• PROBLEM STATEMENT:
Lift every line from the entries that includes the word "member".

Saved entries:
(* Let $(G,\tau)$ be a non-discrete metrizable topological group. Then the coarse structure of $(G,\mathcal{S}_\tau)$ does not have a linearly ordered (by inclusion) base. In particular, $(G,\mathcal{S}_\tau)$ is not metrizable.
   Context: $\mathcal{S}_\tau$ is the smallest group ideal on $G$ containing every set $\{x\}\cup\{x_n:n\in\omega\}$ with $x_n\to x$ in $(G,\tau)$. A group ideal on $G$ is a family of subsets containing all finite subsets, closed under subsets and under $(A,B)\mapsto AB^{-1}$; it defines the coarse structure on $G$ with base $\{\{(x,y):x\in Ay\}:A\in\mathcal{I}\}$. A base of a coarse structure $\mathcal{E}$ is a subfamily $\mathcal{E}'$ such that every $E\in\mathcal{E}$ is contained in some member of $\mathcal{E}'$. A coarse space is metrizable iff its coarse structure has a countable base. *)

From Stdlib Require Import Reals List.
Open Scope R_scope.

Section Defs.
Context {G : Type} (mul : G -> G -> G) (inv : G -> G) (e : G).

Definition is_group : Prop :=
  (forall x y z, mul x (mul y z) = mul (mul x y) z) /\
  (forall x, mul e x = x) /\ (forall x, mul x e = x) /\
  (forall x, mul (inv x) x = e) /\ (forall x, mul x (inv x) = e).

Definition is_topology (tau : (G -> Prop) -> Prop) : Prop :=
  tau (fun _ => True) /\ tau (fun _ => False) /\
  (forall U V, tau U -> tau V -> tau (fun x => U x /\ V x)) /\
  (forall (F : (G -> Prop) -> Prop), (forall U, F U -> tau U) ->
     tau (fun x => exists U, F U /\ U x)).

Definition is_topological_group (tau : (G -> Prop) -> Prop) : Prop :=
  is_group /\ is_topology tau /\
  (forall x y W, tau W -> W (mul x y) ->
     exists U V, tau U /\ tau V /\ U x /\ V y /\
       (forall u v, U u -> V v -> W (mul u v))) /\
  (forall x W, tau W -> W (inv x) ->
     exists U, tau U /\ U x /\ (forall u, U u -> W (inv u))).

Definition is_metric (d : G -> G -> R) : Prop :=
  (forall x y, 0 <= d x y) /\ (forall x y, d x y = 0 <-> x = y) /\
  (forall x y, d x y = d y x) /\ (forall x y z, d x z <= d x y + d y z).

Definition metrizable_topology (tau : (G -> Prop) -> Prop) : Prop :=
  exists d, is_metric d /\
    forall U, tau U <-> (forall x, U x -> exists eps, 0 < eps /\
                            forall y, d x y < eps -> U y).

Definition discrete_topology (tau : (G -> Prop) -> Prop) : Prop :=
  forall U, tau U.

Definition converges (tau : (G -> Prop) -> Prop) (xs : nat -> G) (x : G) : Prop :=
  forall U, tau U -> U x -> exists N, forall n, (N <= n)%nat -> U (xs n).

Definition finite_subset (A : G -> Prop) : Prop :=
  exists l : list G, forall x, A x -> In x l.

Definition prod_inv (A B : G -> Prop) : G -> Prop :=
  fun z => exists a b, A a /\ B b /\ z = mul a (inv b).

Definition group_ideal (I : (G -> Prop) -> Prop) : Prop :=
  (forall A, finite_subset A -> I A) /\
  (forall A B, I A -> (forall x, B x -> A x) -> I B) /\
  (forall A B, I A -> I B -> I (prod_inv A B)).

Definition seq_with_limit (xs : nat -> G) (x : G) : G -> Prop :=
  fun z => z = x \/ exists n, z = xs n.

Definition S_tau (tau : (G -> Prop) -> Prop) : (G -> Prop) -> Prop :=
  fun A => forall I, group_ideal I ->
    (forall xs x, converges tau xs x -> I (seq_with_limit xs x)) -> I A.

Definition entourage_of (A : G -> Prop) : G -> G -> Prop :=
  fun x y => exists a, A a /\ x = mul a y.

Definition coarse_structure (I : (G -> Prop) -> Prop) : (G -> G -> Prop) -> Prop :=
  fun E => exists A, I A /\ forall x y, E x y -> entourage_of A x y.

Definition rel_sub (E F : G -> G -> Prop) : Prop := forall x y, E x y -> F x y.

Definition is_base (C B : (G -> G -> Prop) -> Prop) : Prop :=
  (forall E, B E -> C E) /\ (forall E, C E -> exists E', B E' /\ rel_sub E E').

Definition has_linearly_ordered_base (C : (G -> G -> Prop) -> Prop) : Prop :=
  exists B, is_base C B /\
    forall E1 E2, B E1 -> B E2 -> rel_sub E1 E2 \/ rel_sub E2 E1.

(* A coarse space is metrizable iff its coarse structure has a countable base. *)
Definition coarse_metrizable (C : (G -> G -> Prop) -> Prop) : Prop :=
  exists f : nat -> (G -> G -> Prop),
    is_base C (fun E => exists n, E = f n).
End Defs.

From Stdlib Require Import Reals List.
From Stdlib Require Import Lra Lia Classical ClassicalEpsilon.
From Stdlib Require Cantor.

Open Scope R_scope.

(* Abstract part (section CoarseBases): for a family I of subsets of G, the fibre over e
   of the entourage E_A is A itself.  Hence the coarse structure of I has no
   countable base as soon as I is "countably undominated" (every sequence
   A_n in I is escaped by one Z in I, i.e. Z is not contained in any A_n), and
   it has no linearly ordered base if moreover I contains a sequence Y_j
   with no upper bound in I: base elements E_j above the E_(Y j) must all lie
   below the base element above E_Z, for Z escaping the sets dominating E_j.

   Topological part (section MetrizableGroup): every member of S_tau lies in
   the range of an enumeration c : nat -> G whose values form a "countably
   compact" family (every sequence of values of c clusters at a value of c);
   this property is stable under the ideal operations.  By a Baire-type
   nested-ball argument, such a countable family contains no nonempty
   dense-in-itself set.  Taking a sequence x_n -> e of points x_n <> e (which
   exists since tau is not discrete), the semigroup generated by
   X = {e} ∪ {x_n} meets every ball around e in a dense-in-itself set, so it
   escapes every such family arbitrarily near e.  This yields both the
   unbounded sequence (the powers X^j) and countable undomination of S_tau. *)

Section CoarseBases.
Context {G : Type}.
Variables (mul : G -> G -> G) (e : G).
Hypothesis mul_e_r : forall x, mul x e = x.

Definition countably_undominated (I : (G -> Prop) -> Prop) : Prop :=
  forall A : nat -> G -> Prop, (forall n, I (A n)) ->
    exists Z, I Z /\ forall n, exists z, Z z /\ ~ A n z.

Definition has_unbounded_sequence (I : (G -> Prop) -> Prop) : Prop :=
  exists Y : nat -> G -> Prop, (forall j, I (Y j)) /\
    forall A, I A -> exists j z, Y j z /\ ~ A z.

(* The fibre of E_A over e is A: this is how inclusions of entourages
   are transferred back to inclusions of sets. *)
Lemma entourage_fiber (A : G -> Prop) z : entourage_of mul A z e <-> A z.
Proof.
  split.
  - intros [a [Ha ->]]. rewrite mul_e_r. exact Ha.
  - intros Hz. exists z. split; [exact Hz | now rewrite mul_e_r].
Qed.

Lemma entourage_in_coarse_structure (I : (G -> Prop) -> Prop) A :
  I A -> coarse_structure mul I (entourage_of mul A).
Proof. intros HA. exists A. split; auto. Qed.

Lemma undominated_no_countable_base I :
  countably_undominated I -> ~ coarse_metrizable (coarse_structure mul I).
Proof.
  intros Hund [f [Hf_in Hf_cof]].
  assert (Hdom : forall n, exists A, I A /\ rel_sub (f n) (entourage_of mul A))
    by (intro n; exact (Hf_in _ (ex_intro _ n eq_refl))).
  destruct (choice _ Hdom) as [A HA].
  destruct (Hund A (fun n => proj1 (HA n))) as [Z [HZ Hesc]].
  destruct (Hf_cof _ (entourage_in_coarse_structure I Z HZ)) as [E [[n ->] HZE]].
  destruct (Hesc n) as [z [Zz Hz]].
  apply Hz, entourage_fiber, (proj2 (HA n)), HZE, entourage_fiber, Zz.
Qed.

...

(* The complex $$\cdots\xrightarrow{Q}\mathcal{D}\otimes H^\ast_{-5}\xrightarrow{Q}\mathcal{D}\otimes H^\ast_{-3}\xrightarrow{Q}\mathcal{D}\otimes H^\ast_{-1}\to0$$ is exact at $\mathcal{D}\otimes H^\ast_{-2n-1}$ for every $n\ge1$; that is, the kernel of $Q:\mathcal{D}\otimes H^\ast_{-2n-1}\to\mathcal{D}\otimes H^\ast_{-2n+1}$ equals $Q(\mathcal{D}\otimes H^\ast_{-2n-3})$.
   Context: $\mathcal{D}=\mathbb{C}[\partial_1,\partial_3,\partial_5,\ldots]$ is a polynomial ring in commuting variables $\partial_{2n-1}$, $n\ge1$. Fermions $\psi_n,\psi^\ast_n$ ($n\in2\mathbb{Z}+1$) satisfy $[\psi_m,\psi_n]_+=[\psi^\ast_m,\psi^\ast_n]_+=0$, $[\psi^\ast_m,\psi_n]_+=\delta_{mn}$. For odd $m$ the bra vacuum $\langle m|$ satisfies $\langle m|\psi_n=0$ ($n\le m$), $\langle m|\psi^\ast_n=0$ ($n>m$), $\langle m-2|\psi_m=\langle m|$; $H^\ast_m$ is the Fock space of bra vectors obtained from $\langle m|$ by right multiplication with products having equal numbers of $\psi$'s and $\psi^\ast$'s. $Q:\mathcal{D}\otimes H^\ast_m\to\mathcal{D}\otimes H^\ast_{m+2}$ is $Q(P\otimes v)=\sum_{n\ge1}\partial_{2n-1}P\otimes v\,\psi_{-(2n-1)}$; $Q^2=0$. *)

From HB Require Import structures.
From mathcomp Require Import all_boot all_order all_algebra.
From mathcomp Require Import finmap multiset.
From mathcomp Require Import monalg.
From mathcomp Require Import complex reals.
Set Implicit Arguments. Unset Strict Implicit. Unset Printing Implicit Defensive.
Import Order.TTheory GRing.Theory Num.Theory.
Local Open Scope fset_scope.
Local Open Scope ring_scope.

• FINISHED EXERCISE:
   Context: $\mathcal{S}_\tau$ is the smallest group ideal on $G$ containing every set $\{x\}\cup\{x_n:n\in\omega\}$ with $x_n\to x$ in $(G,\tau)$. A group ideal on $G$ is a family of subsets containing all finite subsets, closed under subsets and under $(A,B)\mapsto AB^{-1}$; it defines the coarse structure on $G$ with base $\{\{(x,y):x\in Ay\}:A\in\mathcal{I}\}$. A base of a coarse structure $\mathcal{E}$ is a subfamily $\mathcal{E}'$ such that every $E\in\mathcal{E}$ is contained in some member of $\mathcal{E}'$. A coarse space is metrizable iff its coarse structure has a countable base. *)
   Topological part (section MetrizableGroup): every member of S_tau lies in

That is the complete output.